* **Supplied data**
————————

(* Let $H=(V,f)$ be a separated labeled hypergraph, let $W\subseteq V$ be the set of vertices of $H$ that are not closed, and let $H'=H|_W$ be the induced subhypergraph obtained by removing all closed vertices (and contracting the edges containing them). Then $\mathcal A[H]=k[H]$ if and only if $\mathcal A[H']=k[H']$.
   Context: Let $k$ be a field and $S=k[x_1,\dots,x_n,y]$. For an integral convex polytope $\mathcal P\subseteq\mathbb R^n_{\ge 0}$, the Ehrhart ring $\mathcal A[\mathcal P]$ is the $k$-subspace (a subalgebra) of $S$ spanned by the monomials $x^{\mathbf a}y^t$ with $t\in\mathbb N$ and $\mathbf a\in t\mathcal P\cap\mathbb Z^n$; the polytopal (toric) ring is $k[\mathcal P]=k[x^{\mathbf a}y:\mathbf a\in\mathcal P\cap\mathbb Z^n]\subseteq S$. A labeled hypergraph $H=(V,f)$ on a finite set $V$ with alphabet $\{x_1,\dots,x_n\}$ is a function $f:\{x_1,\dots,x_n\}\to\mathcal P(V)$; its edges are the nonempty sets in the image of $f$, and the labels of an edge $E$ are the $x$ with $f(x)=E$. $H$ is separated if for all distinct $v,w\in V$ there are edges $F,G$ with $v\in F\setminus G$, $w\in G\setminus F$. For separated $H$, let $m_v=\prod_{x:\,v\in f(x)}x=x^{\mathbf a_v}$ ($v\in V$), let $\mathcal P_H$ be the convex hull of $\{\mathbf a_v:v\in V\}$ (a 0-1 polytope), and set $\mathcal A[H]=\mathcal A[\mathcal P_H]$, $k[H]=k[\mathcal P_H]$. A vertex $v$ is closed if $\{v\}$ is an edge of $H$. For $W\subseteq V$, the induced subhypergraph is $H|_W=(W,f_W)$ with $f_W(x)=f(x)\cap W$ (it is again separated). *)

From Stdlib Require Import List.
From HB Require Import structures.
From mathcomp Require Import all_boot all_order all_algebra.
Set Implicit Arguments. Unset Strict Implicit. Unset Printing Implicit Defensive.
Import Order.TTheory GRing.Theory Num.Theory.
Local Open Scope ring_scope.

(* A labeled hypergraph H = (V, f) with alphabet {x_1..x_n} (indexed by 'I_n)
   is a function f : 'I_n -> {set V}. *)

Definition is_edge (n : nat) (V : finType) (f : 'I_n -> {set V}) (E : {set V}) : Prop :=
  E != set0 /\ exists i : 'I_n, f i = E.

Definition separated (n : nat) (V : finType) (f : 'I_n -> {set V}) : Prop :=
  forall v w : V, v != w ->
    exists F G : {set V}, [/\ is_edge f F, is_edge f G,
      (v \in F) && (v \notin G) & (w \in G) && (w \notin F)].

Definition closed_vertex (n : nat) (V : finType) (f : 'I_n -> {set V}) (v : V) : bool :=
  [exists i : 'I_n, f i == [set v]].

Definition nonclosed (n : nat) (V : finType) (f : 'I_n -> {set V}) : {set V} :=
  [set v | ~~ closed_vertex f v].

Definition induced (n : nat) (V : finType) (f : 'I_n -> {set V}) (W : {set V})
  : 'I_n -> {set {v : V | v \in W}} :=
  fun i => [set w : {v : V | v \in W} | val w \in f i].

(* exponent vector a_v of m_v = prod_{x : v \in f x} x *)
Definition vertex_vec (n : nat) (V : finType) (f : 'I_n -> {set V}) (v : V) : 'I_n -> nat :=
  fun i => nat_of_bool (v \in f i).

Definition in_dilate (R : realFieldType) (n : nat) (T : finType)
  (p : T -> 'I_n -> nat) (t : nat) (a : 'I_n -> nat) : Prop :=
  exists lam : T -> R,
    [/\ forall v, 0 <= lam v,
        \sum_(v : T) lam v = t%:R
      & forall i : 'I_n, (a i)%:R = \sum_(v : T) lam v * (p v i)%:R].

(* Monomial x^a y^t lies in the Ehrhart ring A[P]. *)
Definition ehrhart_monomial (R : realFieldType) (n : nat) (T : finType)
  (p : T -> 'I_n -> nat) (t : nat) (a : 'I_n -> nat) : Prop :=
  in_dilate R p t a.

(* Monomial x^a y^t lies in the polytopal ring k[P] = k[x^b y : b \in P \cap Z^n],
   i.e. it is a product of t generators x^b y. *)
Definition toric_monomial (R : realFieldType) (n : nat) (T : finType)
  (p : T -> 'I_n -> nat) (t : nat) (a : 'I_n -> nat) : Prop :=
  exists s : seq ('I_n -> nat),
    [/\ size s = t, forall b, List.In b s -> in_dilate R p 1 b
      & forall i : 'I_n, a i = (\sum_(b <- s) b i)%N].

(* A[P] = k[P]: both are k-spans of monomials, so they coincide iff they
   contain the same monomials. *)
Definition ehrhart_eq_toric (R : realFieldType) (n : nat) (T : finType)
  (p : T -> 'I_n -> nat) : Prop :=
  forall (t : nat) (a : 'I_n -> nat),
    ehrhart_monomial R p t a <-> toric_monomial R p t a.

(* A closed vertex v comes with a private label i, f i = {v}, so in every
   convex representation of a lattice point a the weight of v is the integer
   a_i.  Hence a point of t P_H splits as a_i copies of the vertex a_v plus a
   point of (t - a_i) P_H with the weight of v removed; peeling off all closed
   vertices leaves a point of P_{H'}, so A[H'] = k[H'] gives A[H] = k[H].
   Conversely the points of t P_{H'} are the points of t P_H vanishing on all
   private labels; this vanishing is inherited by every summand of a
   decomposition into points of P_H, and such summands lie in P_{H'}. *)
From HB Require Import structures.
From mathcomp Require Import all_boot all_order all_algebra.
Set Implicit Arguments. Unset Strict Implicit. Unset Printing Implicit Defensive.
Import Order.TTheory GRing.Theory Num.Theory.
Local Open Scope ring_scope.

Section Dilates.
Variables (R : realFieldType) (n : nat) (T : finType) (p : T -> 'I_n -> nat).

Definition dilate_coeffs (lam : T -> R) (t : nat) (a : 'I_n -> nat) : Prop :=
  [/\ forall v, 0 <= lam v, \sum_v lam v = t%:R
    & forall i, (a i)%:R = \sum_v lam v * (p v i)%:R].

Definition zero_at (lam : T -> R) (v u : T) : R := if u == v then 0 else lam u.

Lemma eq_in_dilate t a b : a =1 b -> in_dilate R p t a -> in_dilate R p t b.
Proof. by move=> eq_ab [lam [lam_ge0 sum_lam lam_a]]; exists lam; split=> // i; rewrite -eq_ab. Qed.

Lemma in_dilate0 : in_dilate R p 0 (fun=> 0%N).
Proof.
exists (fun=> 0); split=> //; first by rewrite big1.
by move=> i; rewrite big1 // => v _; rewrite mul0r.
Qed.

Lemma in_dilateD t1 t2 a1 a2 :
  in_dilate R p t1 a1 -> in_dilate R p t2 a2 ->
  in_dilate R p (t1 + t2) (fun i => a1 i + a2 i)%N.
Proof.
move=> [l1 [l1_ge0 sum_l1 l1_a]] [l2 [l2_ge0 sum_l2 l2_a]].
exists (fun v => l1 v + l2 v); split.
- by move=> v; rewrite addr_ge0.
- by rewrite big_split /= sum_l1 sum_l2 natrD.
- by move=> i; rewrite natrD l1_a l2_a -big_split; apply: eq_bigr => v _; rewrite mulrDl.
Qed.

Lemma in_dilate_vertex v : in_dilate R p 1 (p v).
Proof.
exists (fun u => (u == v)%:R); split.
- by move=> u; rewrite ler0n.
- by rewrite (bigD1 v) //= eqxx big1 ?addr0 // => u /negbTE ->.
- move=> i; rewrite (bigD1 v) //= eqxx mul1r big1 ?addr0 // => u /negbTE ->.
  by rewrite mul0r.
Qed.

Lemma toric_monomial_ehrhart t a :
  toric_monomial R p t a -> ehrhart_monomial R p t a.
Proof.
move=> [s [<- s_P a_s]]; apply: eq_in_dilate (fun i => esym (a_s i)) _.
elim: s {a_s} s_P => [_ | b s IHs s_P].
  by apply: eq_in_dilate in_dilate0 => i; rewrite big_nil.
apply: eq_in_dilate (in_dilateD (s_P b (or_introl erefl))
                                (IHs (fun c c_s => s_P c (or_intror c_s)))) => i.
by rewrite big_cons.
Qed.

Lemma eq_toric_monomial t a b :
  a =1 b -> toric_monomial R p t a -> toric_monomial R p t b.
Proof. by move=> eq_ab [s [size_s s_P a_s]]; exists s; split=> // i; rewrite -eq_ab. Qed.

Lemma toric_monomialD t1 t2 a1 a2 :
  toric_monomial R p t1 a1 -> toric_monomial R p t2 a2 ->
  toric_monomial R p (t1 + t2) (fun i => a1 i + a2 i)%N.
Proof.
move=> [s1 [size_s1 s1_P a1_s1]] [s2 [size_s2 s2_P a2_s2]]; exists (s1 ++ s2); split.
- by rewrite size_cat size_s1 size_s2.
- by move=> b /List.in_app_iff [] ?; [apply: s1_P | apply: s2_P].
- by move=> i; rewrite big_cat a1_s1 a2_s2.
Qed.

Lemma toric_monomial_scale c b :
  in_dilate R p 1 b -> toric_monomial R p c (fun i => c * b i)%N.
Proof.
move=> b_P; elim: c => [|c IHc].
  by exists [::]; split=> // i; rewrite big_nil.
have b_toric : toric_monomial R p 1 b.
  by exists [:: b]; split=> [|_ [<- | []] | i] //; rewrite big_seq1.
by apply: eq_toric_monomial (toric_monomialD b_toric IHc) => i; rewrite mulSn.
Qed.

Lemma leq_summand_In (s : seq ('I_n -> nat)) b i :
  List.In b s -> (b i <= \sum_(c <- s) c i)%N.
Proof.
elim: s => [|c s IHs] //= [-> | b_s]; rewrite big_cons; first exact: leq_addr.
exact: leq_trans (IHs b_s) (leq_addl _ _).
Qed.

Lemma sum_private_coord (lam : T -> R) v i :
  (forall u, p u i = (u == v) :> nat) -> \sum_u lam u * (p u i)%:R = lam v.
Proof.
move=> p_i; rewrite (bigD1 v) //= p_i eqxx mulr1 big1 ?addr0 // => u /negbTE u_v.
by rewrite p_i u_v mulr0.
Qed.

Lemma sum_zero_at (lam : T -> R) v (G : T -> R) :
  \sum_u lam u * G u = lam v * G v + \sum_u zero_at lam v u * G u.
Proof.
rewrite (bigD1 v) //= [X in _ = _ + X](bigD1 v) //= /zero_at eqxx mul0r add0r.
by congr (_ + _); apply: eq_bigr => u /negbTE ->.
Qed.

Lemma natr_eq_addr (x c : nat) (y : R) :
  0 <= y -> x%:R = c%:R + y -> (c <= x)%N /\ y = (x - c)%:R.
Proof.
move=> y_ge0 x_cy; have c_x : (c <= x)%N by rewrite -(ler_nat R) x_cy lerDl.
by split=> //; rewrite natrB // x_cy addrC addKr.
Qed.

(* Since i is a private coordinate of v, the weight of v is the integer a_i. *)
Lemma dilate_coeffs_peel lam t a v i :
  dilate_coeffs lam t a -> (forall u, p u i = (u == v) :> nat) ->
  exists t' a', [/\ t = (t' + a i)%N, a =1 (fun j => a' j + a i * p v j)%N
                  & dilate_coeffs (zero_at lam v) t' a'].
Proof.
move=> [lam_ge0 sum_lam lam_a] p_i.
have lam_v : lam v = (a i)%:R by rewrite lam_a (sum_private_coord _ p_i).
have zero_at_ge0 u : 0 <= zero_at lam v u by rewrite /zero_at; case: eqP.
have [i_t sum_t'] : (a i <= t)%N /\ \sum_u zero_at lam v u = (t - a i)%:R.
  apply: natr_eq_addr; first by apply: sumr_ge0.
  rewrite -sum_lam -lam_v (eq_bigr _ (fun u _ => esym (mulr1 (lam u)))).
  by rewrite (sum_zero_at _ v) mulr1; under eq_bigr do rewrite mulr1.
have coord j : (a i * p v j <= a j)%N /\
    \sum_u zero_at lam v u * (p u j)%:R = (a j - a i * p v j)%:R.
  apply: natr_eq_addr; first by apply: sumr_ge0 => u _; rewrite mulr_ge0.
  by rewrite lam_a (sum_zero_at _ v) lam_v natrM.
exists (t - a i)%N, (fun j => a j - a i * p v j)%N; split.
- by rewrite subnK.
- by move=> j; rewrite subnK; have [] := coord j.
- by split=> // j; have [_ ->] := coord j.
Qed.

End Dilates.

Section InducedOnNonclosed.
Variables (R : realFieldType) (n : nat) (V : finType) (f : 'I_n -> {set V}).
Let W := nonclosed f.
Let S := {v : V | v \in W}.
Let p := vertex_vec f.
Let p' := vertex_vec (induced f W).

Lemma vertex_vec_singleton i v : f i = [set v] -> forall u, p u i = (u == v).
Proof. by move=> f_i u; rewrite /p /vertex_vec f_i in_set1. Qed.

Lemma singleton_label_nonclosedN i v : f i = [set v] -> v \notin W.
Proof. by move=> f_i; rewrite inE negbK; apply/existsP; exists i; rewrite f_i. Qed.

Lemma nonclosedN_singleton_label v : v \notin W -> exists i, f i = [set v].
Proof. by rewrite inE negbK => /existsP [i /eqP f_i]; exists i. Qed.

Lemma vertex_vec_induced (w : S) i : p' w i = p (val w) i.
Proof. by rewrite /p' /p /vertex_vec /induced inE. Qed.

Lemma sum_nonclosed (F : V -> R) :
  (forall v, v \notin W -> F v = 0) -> \sum_v F v = \sum_(w : S) F (val w).
Proof.
move=> F_closed; rewrite (bigID (mem W)) /= [X in _ + X]big1 ?addr0.
  by rewrite (big_sub W).
by move=> v /F_closed.
Qed.

Definition zero_ext (lam : S -> R) (v : V) : R :=
  if insub v is Some w then lam w else 0.

Lemma zero_ext_val lam (w : S) : zero_ext lam (val w) = lam w.
Proof. by rewrite /zero_ext valK. Qed.

Lemma zero_ext_closed lam v : v \notin W -> zero_ext lam v = 0.
Proof. by move=> v_W; rewrite /zero_ext insubN. Qed.

Lemma in_dilate_induced t a : in_dilate R p' t a -> in_dilate R p t a.
Proof.
move=> [lam [lam_ge0 sum_lam lam_a]]; exists (zero_ext lam); split.
- by move=> v; rewrite /zero_ext; case: insub.
- rewrite -sum_lam sum_nonclosed; last exact: zero_ext_closed.
  by apply: eq_bigr => w _; rewrite zero_ext_val.
- move=> i; rewrite lam_a sum_nonclosed; last first.
    by move=> v /zero_ext_closed ->; rewrite mul0r.
  by apply: eq_bigr => w _; rewrite zero_ext_val vertex_vec_induced.
Qed.

Lemma dilate_coeffs_induced (lam : V -> R) t a :
  (forall v, v \notin W -> lam v = 0) -> dilate_coeffs p lam t a ->
  in_dilate R p' t a.
Proof.
move=> lam_closed [lam_ge0 sum_lam lam_a]; exists (fun w => lam (val w)); split=> //.
- by rewrite -sum_lam sum_nonclosed.
- move=> i; rewrite lam_a sum_nonclosed; last by move=> v /lam_closed ->; rewrite mul0r.
  by apply: eq_bigr => w _; rewrite vertex_vec_induced.
Qed.

Lemma in_dilate_induced_singleton t a i v :
  in_dilate R p' t a -> f i = [set v] -> a i = 0%N.
Proof.
move=> [lam [_ _ lam_a]] f_i; apply/eqP; rewrite -(eqr_nat R) lam_a big1 // => w _.
rewrite vertex_vec_induced (vertex_vec_singleton f_i).
have /negbTE -> : val w != v.
  by apply: contraNneq (singleton_label_nonclosedN f_i) => <-; exact: valP.
by rewrite mulr0.
Qed.

Lemma in_dilate_restr_induced t b :
  (forall i v, f i = [set v] -> b i = 0%N) -> in_dilate R p t b ->
  in_dilate R p' t b.
Proof.
move=> b_singleton [lam lam_b]; have [_ _ lam_b_coord] := lam_b.
apply: dilate_coeffs_induced lam_b => v v_W; have [i f_i] := nonclosedN_singleton_label v_W.
by rewrite -(sum_private_coord lam (vertex_vec_singleton f_i)) -lam_b_coord (b_singleton _ _ f_i).
Qed.

Lemma ehrhart_eq_toric_induced :
  ehrhart_eq_toric R p -> ehrhart_eq_toric R p'.
Proof.
move=> eq_p t a; split; last exact: toric_monomial_ehrhart.
move=> a_P'; have [s [size_s s_P a_s]] := (eq_p t a).1 (in_dilate_induced a_P').
exists s; split=> // b b_s; apply: in_dilate_restr_induced (s_P b b_s) => i v f_i.
apply/eqP; rewrite -leqn0 -(in_dilate_induced_singleton a_P' f_i) a_s.
exact: leq_summand_In.
Qed.

Lemma toric_monomial_dilate_coeffs (r : seq V) (lam : V -> R) t a :
  ehrhart_eq_toric R p' -> (forall v, v \notin W -> v \notin r -> lam v = 0) ->
  dilate_coeffs p lam t a -> toric_monomial R p t a.
Proof.
move=> eq_p'; elim: r lam t a => [|v r IHr] lam t a lam_closed lam_a.
  have [s [size_s s_P' a_s]] := (eq_p' t a).1 (dilate_coeffs_induced
    (fun v v_W => lam_closed v v_W isT) lam_a).
  by exists s; split=> // b /s_P'; exact: in_dilate_induced.
have [v_W | v_W] := boolP (v \in W).
  apply: IHr lam_a => u u_W u_r; apply: (lam_closed _ u_W).
  by rewrite inE negb_or u_r andbT; apply: contraNneq u_W => ->.
have [i f_i] := nonclosedN_singleton_label v_W.
have [t' [a' [-> a_a' lam'_a']]] :=
  dilate_coeffs_peel lam_a (vertex_vec_singleton f_i).
apply: eq_toric_monomial (fun j => esym (a_a' j)) _.
apply: toric_monomialD (toric_monomial_scale _ (in_dilate_vertex R p v)).
apply: IHr lam'_a' => u u_W u_r; rewrite /zero_at; case: eqP => // /eqP u_v.
by apply: lam_closed u_W _; rewrite inE negb_or u_v.
Qed.

Lemma ehrhart_eq_toric_of_induced :
  ehrhart_eq_toric R p' -> ehrhart_eq_toric R p.
Proof.
move=> eq_p' t a; split; last exact: toric_monomial_ehrhart.
move=> [lam lam_a]; have lam_closed v : v \notin W -> v \notin enum V -> lam v = 0.
  by rewrite mem_enum.
exact: toric_monomial_dilate_coeffs eq_p' lam_closed lam_a.
Qed.

End InducedOnNonclosed.

Theorem proposition3p3 (R : realFieldType) (n : nat) (V : finType)
  (f : 'I_n -> {set V}) :
  separated f ->
  (ehrhart_eq_toric R (vertex_vec f) <->
   ehrhart_eq_toric R (vertex_vec (induced f (nonclosed f)))).
Proof.
move=> _; split; [exact: ehrhart_eq_toric_induced | exact: ehrhart_eq_toric_of_induced].
Qed.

————————

* **Exercise objective**
Find the word "negbK" in the entries, then copy out every line that has it.

* **Completed task**
Proof. by move=> f_i; rewrite inE negbK; apply/existsP; exists i; rewrite f_i. Qed.
Proof. by rewrite inE negbK => /existsP [i /eqP f_i]; exists i. Qed.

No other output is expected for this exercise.